What the task requires — From the entries that follow, copy exactly the lines beginning at the line holding "by have [|w" and continuing through the line holding "by rewrite mulrBr mulrA".

Records from a collection —
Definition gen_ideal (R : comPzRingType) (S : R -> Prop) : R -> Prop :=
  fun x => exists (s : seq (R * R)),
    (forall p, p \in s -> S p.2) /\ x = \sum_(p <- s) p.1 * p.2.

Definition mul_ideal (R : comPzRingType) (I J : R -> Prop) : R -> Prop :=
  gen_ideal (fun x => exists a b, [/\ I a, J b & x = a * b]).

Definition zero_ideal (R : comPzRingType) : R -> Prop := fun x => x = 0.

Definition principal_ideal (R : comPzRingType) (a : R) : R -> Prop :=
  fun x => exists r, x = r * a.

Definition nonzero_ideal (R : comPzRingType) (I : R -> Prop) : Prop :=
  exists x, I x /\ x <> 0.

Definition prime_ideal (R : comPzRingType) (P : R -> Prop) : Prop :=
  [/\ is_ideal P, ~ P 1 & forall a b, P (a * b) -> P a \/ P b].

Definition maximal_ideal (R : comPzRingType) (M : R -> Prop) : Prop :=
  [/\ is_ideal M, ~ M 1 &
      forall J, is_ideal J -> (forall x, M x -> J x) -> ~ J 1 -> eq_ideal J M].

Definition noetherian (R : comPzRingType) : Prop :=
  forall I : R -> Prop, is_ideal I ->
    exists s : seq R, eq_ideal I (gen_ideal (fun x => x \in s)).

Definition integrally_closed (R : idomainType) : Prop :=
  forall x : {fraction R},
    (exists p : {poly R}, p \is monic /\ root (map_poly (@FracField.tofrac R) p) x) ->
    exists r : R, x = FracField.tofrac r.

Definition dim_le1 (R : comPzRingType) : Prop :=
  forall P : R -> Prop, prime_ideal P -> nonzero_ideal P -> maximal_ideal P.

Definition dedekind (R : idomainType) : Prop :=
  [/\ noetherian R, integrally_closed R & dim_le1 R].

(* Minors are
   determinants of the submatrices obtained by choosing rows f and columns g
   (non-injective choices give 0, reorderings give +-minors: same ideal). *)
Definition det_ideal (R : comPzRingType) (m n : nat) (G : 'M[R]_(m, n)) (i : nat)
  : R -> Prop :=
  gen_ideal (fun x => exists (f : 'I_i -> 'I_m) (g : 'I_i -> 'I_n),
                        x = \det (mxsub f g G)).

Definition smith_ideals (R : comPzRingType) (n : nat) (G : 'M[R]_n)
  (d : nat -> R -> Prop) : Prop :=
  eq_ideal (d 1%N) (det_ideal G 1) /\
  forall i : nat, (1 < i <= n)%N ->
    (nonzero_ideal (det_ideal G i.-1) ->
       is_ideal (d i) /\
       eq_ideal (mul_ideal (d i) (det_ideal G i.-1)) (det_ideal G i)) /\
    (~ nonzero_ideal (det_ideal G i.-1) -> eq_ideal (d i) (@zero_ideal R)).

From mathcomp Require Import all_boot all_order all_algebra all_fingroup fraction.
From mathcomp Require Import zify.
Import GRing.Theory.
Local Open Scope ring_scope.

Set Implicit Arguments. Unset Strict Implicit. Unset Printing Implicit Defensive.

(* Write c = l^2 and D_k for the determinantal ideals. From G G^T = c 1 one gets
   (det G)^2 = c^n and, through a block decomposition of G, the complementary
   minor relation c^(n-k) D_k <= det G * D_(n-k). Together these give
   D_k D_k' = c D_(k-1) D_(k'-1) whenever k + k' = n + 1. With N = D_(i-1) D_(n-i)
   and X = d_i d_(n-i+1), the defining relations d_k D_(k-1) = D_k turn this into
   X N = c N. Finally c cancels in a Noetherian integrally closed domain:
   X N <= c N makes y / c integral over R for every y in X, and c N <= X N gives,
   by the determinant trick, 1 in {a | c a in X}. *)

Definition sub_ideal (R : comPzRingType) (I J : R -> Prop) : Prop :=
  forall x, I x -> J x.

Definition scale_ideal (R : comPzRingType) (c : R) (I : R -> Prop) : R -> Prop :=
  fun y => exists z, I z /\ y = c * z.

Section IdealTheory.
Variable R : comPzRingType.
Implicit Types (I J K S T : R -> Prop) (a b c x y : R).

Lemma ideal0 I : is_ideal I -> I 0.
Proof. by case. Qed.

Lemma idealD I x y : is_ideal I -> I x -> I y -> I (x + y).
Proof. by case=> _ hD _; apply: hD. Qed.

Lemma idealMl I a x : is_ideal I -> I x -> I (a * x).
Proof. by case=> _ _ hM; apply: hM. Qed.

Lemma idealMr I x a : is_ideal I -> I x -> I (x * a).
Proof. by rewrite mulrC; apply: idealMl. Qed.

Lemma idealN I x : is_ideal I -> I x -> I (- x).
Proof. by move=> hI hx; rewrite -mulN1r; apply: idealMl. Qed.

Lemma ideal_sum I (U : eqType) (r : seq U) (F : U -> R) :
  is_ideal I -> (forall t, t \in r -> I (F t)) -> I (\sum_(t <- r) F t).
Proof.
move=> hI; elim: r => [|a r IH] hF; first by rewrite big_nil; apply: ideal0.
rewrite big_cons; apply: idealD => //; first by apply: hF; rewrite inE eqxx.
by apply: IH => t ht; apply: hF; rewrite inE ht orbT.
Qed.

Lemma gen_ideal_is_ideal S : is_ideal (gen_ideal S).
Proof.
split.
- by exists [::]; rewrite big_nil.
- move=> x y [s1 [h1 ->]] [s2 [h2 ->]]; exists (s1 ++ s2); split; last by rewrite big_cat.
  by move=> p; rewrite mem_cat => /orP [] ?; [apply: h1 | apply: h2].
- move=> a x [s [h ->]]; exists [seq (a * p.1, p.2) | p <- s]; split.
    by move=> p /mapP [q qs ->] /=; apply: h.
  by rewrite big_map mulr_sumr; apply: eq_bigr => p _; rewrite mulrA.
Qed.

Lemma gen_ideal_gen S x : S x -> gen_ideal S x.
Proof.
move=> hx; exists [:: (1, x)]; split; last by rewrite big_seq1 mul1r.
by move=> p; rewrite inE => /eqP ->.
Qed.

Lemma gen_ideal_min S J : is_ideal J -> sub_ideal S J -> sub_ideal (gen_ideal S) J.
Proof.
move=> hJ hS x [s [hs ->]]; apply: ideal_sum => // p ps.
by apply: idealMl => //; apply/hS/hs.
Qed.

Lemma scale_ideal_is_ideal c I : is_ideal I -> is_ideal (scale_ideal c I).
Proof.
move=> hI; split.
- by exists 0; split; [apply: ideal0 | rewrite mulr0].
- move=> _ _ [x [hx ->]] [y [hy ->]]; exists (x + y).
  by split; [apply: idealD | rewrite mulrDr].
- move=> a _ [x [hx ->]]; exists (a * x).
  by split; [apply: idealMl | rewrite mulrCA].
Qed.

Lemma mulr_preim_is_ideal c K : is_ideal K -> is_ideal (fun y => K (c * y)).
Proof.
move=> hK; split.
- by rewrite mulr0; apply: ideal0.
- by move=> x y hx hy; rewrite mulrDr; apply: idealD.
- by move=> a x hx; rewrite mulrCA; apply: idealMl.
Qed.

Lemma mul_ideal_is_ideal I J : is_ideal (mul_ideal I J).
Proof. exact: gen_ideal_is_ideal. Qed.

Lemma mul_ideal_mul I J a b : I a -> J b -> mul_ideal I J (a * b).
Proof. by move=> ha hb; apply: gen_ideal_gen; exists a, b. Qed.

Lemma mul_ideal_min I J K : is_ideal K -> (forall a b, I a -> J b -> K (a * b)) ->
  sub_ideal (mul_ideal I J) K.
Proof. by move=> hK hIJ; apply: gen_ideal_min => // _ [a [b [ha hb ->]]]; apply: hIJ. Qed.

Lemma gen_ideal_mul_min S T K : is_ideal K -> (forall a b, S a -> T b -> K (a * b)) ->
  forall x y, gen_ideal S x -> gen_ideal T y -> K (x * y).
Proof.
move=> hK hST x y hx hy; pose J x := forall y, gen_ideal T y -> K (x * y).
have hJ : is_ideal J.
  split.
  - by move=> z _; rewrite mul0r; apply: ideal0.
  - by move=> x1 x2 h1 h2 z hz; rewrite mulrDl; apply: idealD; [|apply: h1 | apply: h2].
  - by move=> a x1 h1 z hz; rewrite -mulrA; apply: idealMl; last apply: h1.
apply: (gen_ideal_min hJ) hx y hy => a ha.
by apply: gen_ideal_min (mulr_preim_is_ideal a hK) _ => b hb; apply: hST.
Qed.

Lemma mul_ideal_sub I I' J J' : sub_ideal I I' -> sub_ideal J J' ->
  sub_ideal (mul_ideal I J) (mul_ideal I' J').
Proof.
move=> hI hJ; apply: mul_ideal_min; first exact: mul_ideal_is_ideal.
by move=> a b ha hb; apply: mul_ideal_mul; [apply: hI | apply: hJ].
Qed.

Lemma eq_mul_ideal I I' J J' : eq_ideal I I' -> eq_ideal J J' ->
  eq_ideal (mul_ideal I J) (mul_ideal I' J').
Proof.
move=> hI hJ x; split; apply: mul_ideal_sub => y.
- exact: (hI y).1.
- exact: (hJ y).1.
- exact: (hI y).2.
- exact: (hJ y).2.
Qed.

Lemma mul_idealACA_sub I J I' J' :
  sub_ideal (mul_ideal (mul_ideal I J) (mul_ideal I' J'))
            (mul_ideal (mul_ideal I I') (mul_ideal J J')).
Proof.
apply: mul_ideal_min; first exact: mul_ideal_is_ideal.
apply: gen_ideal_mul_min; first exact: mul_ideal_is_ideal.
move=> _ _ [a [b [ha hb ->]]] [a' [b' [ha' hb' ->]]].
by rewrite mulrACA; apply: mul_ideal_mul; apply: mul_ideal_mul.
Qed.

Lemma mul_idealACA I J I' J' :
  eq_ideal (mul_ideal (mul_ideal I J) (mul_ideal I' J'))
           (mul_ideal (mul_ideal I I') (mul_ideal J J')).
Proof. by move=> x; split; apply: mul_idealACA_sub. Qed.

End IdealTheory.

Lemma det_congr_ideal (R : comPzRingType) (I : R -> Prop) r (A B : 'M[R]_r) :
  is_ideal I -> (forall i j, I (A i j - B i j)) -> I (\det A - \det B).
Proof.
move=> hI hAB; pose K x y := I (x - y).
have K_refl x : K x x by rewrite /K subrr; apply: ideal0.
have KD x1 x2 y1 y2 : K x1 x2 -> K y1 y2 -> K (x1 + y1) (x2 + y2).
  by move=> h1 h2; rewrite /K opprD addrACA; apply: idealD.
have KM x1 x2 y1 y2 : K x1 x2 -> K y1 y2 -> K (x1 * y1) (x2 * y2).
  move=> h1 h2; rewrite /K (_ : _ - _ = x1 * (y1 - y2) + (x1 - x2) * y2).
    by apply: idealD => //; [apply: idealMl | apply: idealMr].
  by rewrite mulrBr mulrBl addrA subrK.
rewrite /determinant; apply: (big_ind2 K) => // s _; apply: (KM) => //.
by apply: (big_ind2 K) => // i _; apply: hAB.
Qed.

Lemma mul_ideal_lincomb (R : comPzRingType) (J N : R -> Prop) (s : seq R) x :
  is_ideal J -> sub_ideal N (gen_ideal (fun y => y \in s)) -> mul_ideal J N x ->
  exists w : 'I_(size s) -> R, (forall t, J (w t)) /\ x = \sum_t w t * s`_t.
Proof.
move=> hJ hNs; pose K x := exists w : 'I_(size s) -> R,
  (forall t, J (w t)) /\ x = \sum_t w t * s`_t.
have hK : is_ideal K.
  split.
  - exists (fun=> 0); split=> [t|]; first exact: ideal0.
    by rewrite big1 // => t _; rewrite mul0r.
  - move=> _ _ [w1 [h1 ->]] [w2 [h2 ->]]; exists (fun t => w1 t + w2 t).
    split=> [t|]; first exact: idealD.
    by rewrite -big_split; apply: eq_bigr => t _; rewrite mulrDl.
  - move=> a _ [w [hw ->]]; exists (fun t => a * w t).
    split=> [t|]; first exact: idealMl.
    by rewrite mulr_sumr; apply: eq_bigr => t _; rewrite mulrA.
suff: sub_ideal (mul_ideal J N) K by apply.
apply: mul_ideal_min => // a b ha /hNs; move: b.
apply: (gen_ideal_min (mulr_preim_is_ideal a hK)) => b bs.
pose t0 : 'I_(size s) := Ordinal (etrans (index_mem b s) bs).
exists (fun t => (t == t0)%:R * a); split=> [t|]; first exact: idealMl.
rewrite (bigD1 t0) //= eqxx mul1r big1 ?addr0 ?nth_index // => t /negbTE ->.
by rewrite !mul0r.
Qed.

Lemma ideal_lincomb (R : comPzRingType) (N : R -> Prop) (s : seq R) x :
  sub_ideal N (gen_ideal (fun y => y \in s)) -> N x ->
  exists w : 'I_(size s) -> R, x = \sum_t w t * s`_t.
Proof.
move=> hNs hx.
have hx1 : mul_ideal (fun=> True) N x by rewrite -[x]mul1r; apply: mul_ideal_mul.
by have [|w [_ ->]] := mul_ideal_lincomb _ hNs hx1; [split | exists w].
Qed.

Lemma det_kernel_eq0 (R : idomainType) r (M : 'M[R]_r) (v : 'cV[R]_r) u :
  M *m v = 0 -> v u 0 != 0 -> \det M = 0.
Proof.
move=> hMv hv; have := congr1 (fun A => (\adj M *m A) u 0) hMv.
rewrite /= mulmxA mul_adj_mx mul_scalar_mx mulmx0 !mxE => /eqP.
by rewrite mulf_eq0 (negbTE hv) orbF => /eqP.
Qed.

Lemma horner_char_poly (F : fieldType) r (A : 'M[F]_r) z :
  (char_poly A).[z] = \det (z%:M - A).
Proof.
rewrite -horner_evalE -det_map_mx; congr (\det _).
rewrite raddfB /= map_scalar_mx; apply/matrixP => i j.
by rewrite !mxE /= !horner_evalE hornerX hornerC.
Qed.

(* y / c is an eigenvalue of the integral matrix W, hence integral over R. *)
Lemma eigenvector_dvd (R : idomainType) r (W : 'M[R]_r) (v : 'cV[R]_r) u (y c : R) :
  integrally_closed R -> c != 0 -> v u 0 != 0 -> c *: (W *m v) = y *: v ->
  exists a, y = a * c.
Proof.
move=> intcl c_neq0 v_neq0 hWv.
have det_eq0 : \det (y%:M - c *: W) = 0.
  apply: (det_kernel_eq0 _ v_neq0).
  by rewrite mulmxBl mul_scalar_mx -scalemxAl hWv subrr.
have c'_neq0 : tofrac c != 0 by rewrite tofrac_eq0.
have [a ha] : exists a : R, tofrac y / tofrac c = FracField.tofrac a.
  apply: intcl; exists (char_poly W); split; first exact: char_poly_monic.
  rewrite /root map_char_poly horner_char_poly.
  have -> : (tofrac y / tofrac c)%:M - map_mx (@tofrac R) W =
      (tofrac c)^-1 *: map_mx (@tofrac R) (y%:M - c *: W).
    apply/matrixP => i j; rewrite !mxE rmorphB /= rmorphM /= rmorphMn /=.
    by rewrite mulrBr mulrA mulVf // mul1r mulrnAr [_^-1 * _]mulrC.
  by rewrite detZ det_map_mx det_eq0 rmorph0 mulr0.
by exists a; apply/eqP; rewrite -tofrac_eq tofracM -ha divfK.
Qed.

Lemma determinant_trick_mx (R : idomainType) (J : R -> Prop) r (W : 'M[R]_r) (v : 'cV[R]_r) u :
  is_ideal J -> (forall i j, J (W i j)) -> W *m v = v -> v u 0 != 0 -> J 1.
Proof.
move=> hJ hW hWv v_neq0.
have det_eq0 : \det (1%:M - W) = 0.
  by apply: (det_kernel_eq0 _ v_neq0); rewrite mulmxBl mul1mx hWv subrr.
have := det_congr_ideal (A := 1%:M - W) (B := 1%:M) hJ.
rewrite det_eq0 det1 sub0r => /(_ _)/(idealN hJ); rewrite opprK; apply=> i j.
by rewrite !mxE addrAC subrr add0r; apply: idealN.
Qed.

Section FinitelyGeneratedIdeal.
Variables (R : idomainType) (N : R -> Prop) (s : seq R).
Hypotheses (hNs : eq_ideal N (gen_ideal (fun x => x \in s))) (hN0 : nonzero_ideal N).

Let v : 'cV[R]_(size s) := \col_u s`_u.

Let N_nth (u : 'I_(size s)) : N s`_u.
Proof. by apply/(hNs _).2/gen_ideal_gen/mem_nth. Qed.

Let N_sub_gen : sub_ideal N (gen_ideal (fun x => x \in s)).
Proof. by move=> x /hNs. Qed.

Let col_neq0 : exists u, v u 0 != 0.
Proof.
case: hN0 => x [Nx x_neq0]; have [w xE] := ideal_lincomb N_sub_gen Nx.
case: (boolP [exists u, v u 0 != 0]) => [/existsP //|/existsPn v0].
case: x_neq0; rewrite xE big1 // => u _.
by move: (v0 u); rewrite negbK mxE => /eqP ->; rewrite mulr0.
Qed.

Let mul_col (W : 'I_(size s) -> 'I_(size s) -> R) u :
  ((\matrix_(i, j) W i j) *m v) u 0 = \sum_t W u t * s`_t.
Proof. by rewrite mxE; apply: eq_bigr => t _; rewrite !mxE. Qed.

Result of the task —
by have [|w [_ ->]] := mul_ideal_lincomb _ hNs hx1; [split | exists w].
Qed.

Lemma det_kernel_eq0 (R : idomainType) r (M : 'M[R]_r) (v : 'cV[R]_r) u :
  M *m v = 0 -> v u 0 != 0 -> \det M = 0.
Proof.
move=> hMv hv; have := congr1 (fun A => (\adj M *m A) u 0) hMv.
rewrite /= mulmxA mul_adj_mx mul_scalar_mx mulmx0 !mxE => /eqP.
by rewrite mulf_eq0 (negbTE hv) orbF => /eqP.
Qed.

Lemma horner_char_poly (F : fieldType) r (A : 'M[F]_r) z :
  (char_poly A).[z] = \det (z%:M - A).
Proof.
rewrite -horner_evalE -det_map_mx; congr (\det _).
rewrite raddfB /= map_scalar_mx; apply/matrixP => i j.
by rewrite !mxE /= !horner_evalE hornerX hornerC.
Qed.

(* y / c is an eigenvalue of the integral matrix W, hence integral over R. *)
Lemma eigenvector_dvd (R : idomainType) r (W : 'M[R]_r) (v : 'cV[R]_r) u (y c : R) :
  integrally_closed R -> c != 0 -> v u 0 != 0 -> c *: (W *m v) = y *: v ->
  exists a, y = a * c.
Proof.
move=> intcl c_neq0 v_neq0 hWv.
have det_eq0 : \det (y%:M - c *: W) = 0.
  apply: (det_kernel_eq0 _ v_neq0).
  by rewrite mulmxBl mul_scalar_mx -scalemxAl hWv subrr.
have c'_neq0 : tofrac c != 0 by rewrite tofrac_eq0.
have [a ha] : exists a : R, tofrac y / tofrac c = FracField.tofrac a.
  apply: intcl; exists (char_poly W); split; first exact: char_poly_monic.
  rewrite /root map_char_poly horner_char_poly.
  have -> : (tofrac y / tofrac c)%:M - map_mx (@tofrac R) W =
      (tofrac c)^-1 *: map_mx (@tofrac R) (y%:M - c *: W).
    apply/matrixP => i j; rewrite !mxE rmorphB /= rmorphM /= rmorphMn /=.
    by rewrite mulrBr mulrA mulVf // mul1r mulrnAr [_^-1 * _]mulrC.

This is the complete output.